Tutorial práctico paso a paso para crear una API REST asíncrona y preparada para producción usando FastAPI, SQLModel (SQLAlchemy + Pydantic), Docker y buenas prácticas: estructura de carpetas, ejemplos completos de código, pruebas básicas y consejos de rendimiento y seguridad.

Por qué esta pila

  • FastAPI: rendimiento, validación automática y documentación OpenAPI.
  • SQLModel: modelo unificado entre Pydantic y SQLAlchemy, facilita la serialización y el ORM.
  • Async: mejor uso de I/O para manejar muchas conexiones concurrentes.
  • Docker: despliegue consistente y reproducible.

Estructura de proyecto

project/
├─ app/
│  ├─ main.py
│  ├─ api.py
│  ├─ db.py
│  ├─ models.py
│  ├─ crud.py
│  ├─ schemas.py
│  ├─ deps.py
│  └─ config.py
├─ tests/
│  └─ test_basic.py
├─ Dockerfile
├─ docker-compose.yml
├─ requirements.txt
└─ README.md

requirements.txt

fastapi
uvicorn[standard]
sqlmodel
alembic
asyncpg            # si usas PostgreSQL
databases[postgresql]
httpx
pytest
python-dotenv

Config básica (app/config.py)

from pydantic import BaseSettings

class Settings(BaseSettings):
    DATABASE_URL: str = 'sqlite+aiosqlite:///./test.db'
    APP_NAME: str = 'fastapi-sqlmodel-app'
    DEBUG: bool = True

    class Config:
        env_file = '.env'

settings = Settings()

Conexión DB asíncrona (app/db.py)

from sqlmodel import SQLModel
from sqlmodel.ext.asyncio.session import AsyncSession
from sqlalchemy.ext.asyncio import create_async_engine, async_sessionmaker
from .config import settings

engine = create_async_engine(settings.DATABASE_URL, echo=settings.DEBUG, future=True)
async_session = async_sessionmaker(engine, class_=AsyncSession, expire_on_commit=False)

async def init_db():
    async with engine.begin() as conn:
        await conn.run_sync(SQLModel.metadata.create_all)

Modelos (app/models.py)

from sqlmodel import SQLModel, Field
from typing import Optional
from datetime import datetime

class ItemBase(SQLModel):
    name: str
    description: Optional[str] = None

class Item(ItemBase, table=True):
    id: Optional[int] = Field(default=None, primary_key=True)
    created_at: datetime = Field(default_factory=datetime.utcnow)

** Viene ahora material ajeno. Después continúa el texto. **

Lemma qdist_tsim a b : tsim X a b -> qdist X a b = 0.
Proof.
  intros H. pose proof (qdist_le_step a b 0 (or_introl (conj H eq_refl))).
  pose proof (qdist_nonneg a b). lra.
Qed.

Lemma qdist_tsim_l z z' w : tsim X z z' -> qdist X z w = qdist X z' w.
Proof.
  intros H. pose proof (qdist_tri z z' w). pose proof (qdist_tri z' z w).
  rewrite (qdist_tsim _ _ H) in *. rewrite (qdist_tsim _ _ (tsim_sym _ _ H)) in *. lra.
Qed.

Lemma qdist_tsim_r z w w' : tsim X w w' -> qdist X z w = qdist X z w'.
Proof. intros H. rewrite (qdist_sym z w), (qdist_sym z w'). apply qdist_tsim_l, H. Qed.

Lemma qdist_potential_lb (f : Mpt * T -> R) :
  (forall a b s, step_cost X a b s -> f a - f b <= s) ->
  forall z w, f z - f w <= qdist X z w.
Proof.
  intros Hf z w. apply qdist_ge.
  induction 1 as [|z0 z1 w s c Hs _ IH]; [lra | pose proof (Hf _ _ _ Hs); lra].
Qed.

Definition glued (z w : Mpt * T) : Prop :=
  exists a b, inM0 a /\ inM0 b /\ snd z = S a /\ snd w = S b /\ gpos (fst z) a = gpos (fst w) b.

Lemma tsim_eq_or_glued z w : tsim X z w -> z = w \/ glued z w.
Proof.
  induction 1 as [x y H | x | x y _ IH | x y z _ IH1 _ IH2].
  - right. destruct H as (a & b & Ha & Hb & _ & Ex & Ey & E1 & E2).
    exists a, b. unfold gpos. rewrite E1, E2. auto.
  - left. reflexivity.
  - destruct IH as [-> | (a & b & Ha & Hb & Ex & Ey & E)]; [left; reflexivity|].
    right. exists b, a. auto.
  - destruct IH1 as [-> | (a & b & Ha & Hb & Ex & Ey & E)]; [exact IH2|].
    destruct IH2 as [<- | (b' & c & Hb' & Hc & Ey' & Ez & E')].
    + right. exists a, b. auto.
    + assert (b' = b) as ->
        by (apply (sq_inj _ _ _ (sq_ax X)); [exact Hb' | exact Hb | congruence]).
      right. exists a, c. refine (conj Ha (conj Hc (conj Ex (conj Ez _)))). congruence.
Qed.

Lemma chain_gpos_lb z w c : ChainCost X z w c ->
  forall n b, inM0 b -> w = (n, S b) ->
  forall a, inM0 a -> l1dist (gpos (fst z) a) (gpos n b) <= d (snd z) (S a) / 3 + c.
Proof.
  induction 1 as [z | z0 z1 w s c Hs Hc IH]; intros n b Hb Hw a Ha.
  - subst z; simpl. rewrite l1dist_gpos, d_sym.
    pose proof (l1dist_le_dS a b Ha Hb). lra.
  - specialize (IH n b Hb Hw). pose proof (ChainCost_nonneg _ _ _ Hc).
    destruct Hs as [[Ht ->] | [_ ->]].
    + destruct (tsim_eq_or_glued _ _ Ht) as [<- | (a0 & a1 & Ha0 & Ha1 & E0 & E1 & E)].
      * specialize (IH a Ha). lra.
      * specialize (IH a1 Ha1). rewrite E1, d_refl, <- E in IH. rewrite E0.
        pose proof (l1dist_tri (gpos (fst z0) a) (gpos (fst z0) a0) (gpos n b)) as Htri.
        rewrite l1dist_gpos in Htri. pose proof (l1dist_le_dS a a0 Ha Ha0) as Hsq2.
        rewrite d_sym in Hsq2. lra.
    + unfold dMX. destruct Mpt_eq_dec as [e | ne].
      * specialize (IH a Ha). rewrite e.
        pose proof (d_tri (snd z1) (snd z0) (S a)) as Htri.
        rewrite (d_sym (snd z1) (snd z0)) in Htri. lra.
      * pose proof (l1dist_gpos_le2 (fst z0) a n b Ha Hb).
        pose proof (d_nonneg (snd z0) (S a)). lra.
Qed.

Lemma qdist_gpos_lb m a n b : inM0 a -> inM0 b ->
  l1dist (gpos m a) (gpos n b) <= qdist X (m, S a) (n, S b).
Proof.
  intros Ha Hb. apply qdist_ge. intros c Hc.
  pose proof (chain_gpos_lb _ _ _ Hc n b Hb eq_refl a Ha) as H. simpl in H.
  rewrite d_refl in H. lra.
Qed.

Lemma tsim_adjacent m n a b : adjM m n -> inM0 a -> inM0 b -> gpos m a = gpos n b ->
  tsim X (m, S a) (n, S b).
Proof.
  intros Hmn Ha Hb E. unfold gpos in E. injection E as E1 E2.
  apply rst_step. exists a, b. simpl. auto 7.
Qed.

Ltac tsim_adjacent_by_cases :=
  apply tsim_adjacent;
  [ unfold adjM; simpl; split_Rabs; lra
  | unfold inM0, inI, lpos, gpos; simpl; lra
  | unfold inM0, inI, lpos, gpos; simpl; lra
  | unfold lpos, gpos; simpl; f_equal; lra ].

Ltac tsim_via_corner k :=
  match goal with |- tsim _ (?m, sqS _ ?a) _ =>
    apply tsim_trans with (k, sqS _ (lpos k (gpos m a))); tsim_adjacent_by_cases end.

(* Two cells meeting at a point are equal, adjacent, or diagonal neighbours meeting at a corner
   of the missing middle cell, in which case a corner cell of M is adjacent to both. *)
Lemma tsim_of_gpos_eq m n a b : inM0 a -> inM0 b -> gpos m a = gpos n b ->
  tsim X (m, S a) (n, S b).
Proof.
  destruct a as [a1 a2], b as [b1 b2]. intros Ha Hb E.
  pose proof Ha as Ha'. pose proof Hb as Hb'. unfold inM0, inI in Ha', Hb'. simpl in Ha', Hb'.
  unfold gpos in E. injection E as E1 E2.
  destruct m, n; simpl in E1, E2;
  first
  [ exfalso; lra
  | replace (b1, b2) with (a1, a2) by (f_equal; lra); apply tsim_refl
  | tsim_adjacent_by_cases
  | tsim_via_corner m00 | tsim_via_corner m02 | tsim_via_corner m20 | tsim_via_corner m22 ].
Qed.

Lemma path_dist_pos (v : T) (g : R -> T) :
  (forall s t, inI s -> inI t -> d (g s) (g t) <= Rabs (t - s)) ->
  (forall t, inI t -> g t <> v) ->
  exists delta, 0 < delta /\ forall t, inI t -> delta <= d v (g t).
Proof.
  intros Hg Hv.
  set (h t := d v (g (clamp01 t))).
  assert (Hh : forall x, continuity_pt h x).
  { apply short_continuity_pt. intros x y. unfold h.
    pose proof (d_tri v (g (clamp01 y)) (g (clamp01 x))) as Htri.
    pose proof (d_tri v (g (clamp01 x)) (g (clamp01 y))).
    pose proof (Hg (clamp01 x) (clamp01 y) (clamp01_inI x) (clamp01_inI y)).
    rewrite (d_sym (g (clamp01 y))) in Htri.
    pose proof (clamp01_short y x). split_Rabs; lra. }
  destruct (continuity_ab_min h 0 1) as [t0 [Hmin Ht0]]; [lra | intros; apply Hh |].
  exists (h t0). split.
  - destruct (Rle_lt_or_eq_dec _ _ (d_nonneg v (g (clamp01 t0)))) as [Hlt | Heq]; [exact Hlt|].
    exfalso. apply (Hv (clamp01 t0) (clamp01_inI t0)). symmetry. apply d_eq0. auto.
  - intros t Ht. specialize (Hmin t Ht). unfold h at 2 in Hmin. rewrite clamp01_id in Hmin; auto.
Qed.

Lemma dist_S_M0_pos (v : T) : (forall a, inM0 a -> S a <> v) ->
  exists delta, 0 < delta /\ forall a, inM0 a -> delta <= d v (S a).
Proof.
  intros Hv.
  assert (Hside : forall e : R -> R * R,
    (forall t, inI t -> inM0 (e t)) ->
    (forall s t, inI s -> inI t -> d (S (e s)) (S (e t)) = Rabs (t - s)) ->
    exists delta, 0 < delta /\ forall t, inI t -> delta <= d v (S (e t))).
  { intros e He Hd. apply path_dist_pos.
    - intros s t Hs Ht. rewrite Hd; auto. lra.
    - intros t Ht. apply Hv, He, Ht. }
  destruct (Hside (fun t => (0, t))) as [d1 [P1 Q1]];
    [intros; apply inM0_vertical; auto | intros; apply (sq1_v _ _ _ (sq_ax X)); auto |].
  destruct (Hside (fun t => (1, t))) as [d2 [P2 Q2]];
    [intros; apply inM0_vertical; auto | intros; apply (sq1_v _ _ _ (sq_ax X)); auto |].
  destruct (Hside (fun t => (t, 0))) as [d3 [P3 Q3]];
    [intros; apply inM0_horizontal; auto | intros; apply (sq1_h _ _ _ (sq_ax X)); auto |].
  destruct (Hside (fun t => (t, 1))) as [d4 [P4 Q4]];
    [intros; apply inM0_horizontal; auto | intros; apply (sq1_h _ _ _ (sq_ax X)); auto |].
  exists (Rmin (Rmin d1 d2) (Rmin d3 d4)). split.
  - unfold Rmin. repeat destruct Rle_dec; lra.
  - intros [a1 a2] (Ha1 & Ha2 & Hside'). simpl in *.
    pose proof (Rmin_l (Rmin d1 d2) (Rmin d3 d4)). pose proof (Rmin_r (Rmin d1 d2) (Rmin d3 d4)).
    pose proof (Rmin_l d1 d2). pose proof (Rmin_r d1 d2).
    pose proof (Rmin_l d3 d4). pose proof (Rmin_r d3 d4).
    destruct Hside' as [-> | [-> | [-> | ->]]];
      [ specialize (Q1 a2 Ha2) | specialize (Q2 a2 Ha2)
      | specialize (Q3 a1 Ha1) | specialize (Q4 a1 Ha1) ];
      simpl in *; lra.
Qed.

class ItemCreate(ItemBase):
    pass

class ItemRead(ItemBase):
    id: int
    created_at: datetime

CRUD (app/crud.py)

from sqlmodel import select
from .models import Item, ItemCreate
from .db import async_session
from sqlmodel.ext.asyncio.session import AsyncSession

async def create_item(item_in: ItemCreate) -> Item:
    async with async_session() as session:  # type: AsyncSession
        item = Item.from_orm(item_in)
        session.add(item)
        await session.commit()
        await session.refresh(item)
        return item

async def get_item(item_id: int) -> Item | None:
    async with async_session() as session:
        result = await session.get(Item, item_id)
        return result

async def list_items(offset: int = 0, limit: int = 50):
    async with async_session() as session:
        stmt = select(Item).offset(offset).limit(limit)
        result = await session.exec(stmt)
        return result.all()

Dependencias y seguridad (app/deps.py)

from fastapi import Depends, HTTPException, status

async def get_pagination_params(skip: int = 0, limit: int = 50):
    if limit > 100:
        raise HTTPException(status_code=status.HTTP_400_BAD_REQUEST, detail='limit too high')
    return {'skip': skip, 'limit': limit}

# Para autenticación, aquí pondrías un get_current_user con OAuth2/JWT

Rutas (app/api.py)

from fastapi import APIRouter, Depends, HTTPException
from .schemas import ItemCreate, ItemRead
from .crud import create_item, get_item, list_items
from .deps import get_pagination_params

router = APIRouter(prefix='/items', tags=['items'])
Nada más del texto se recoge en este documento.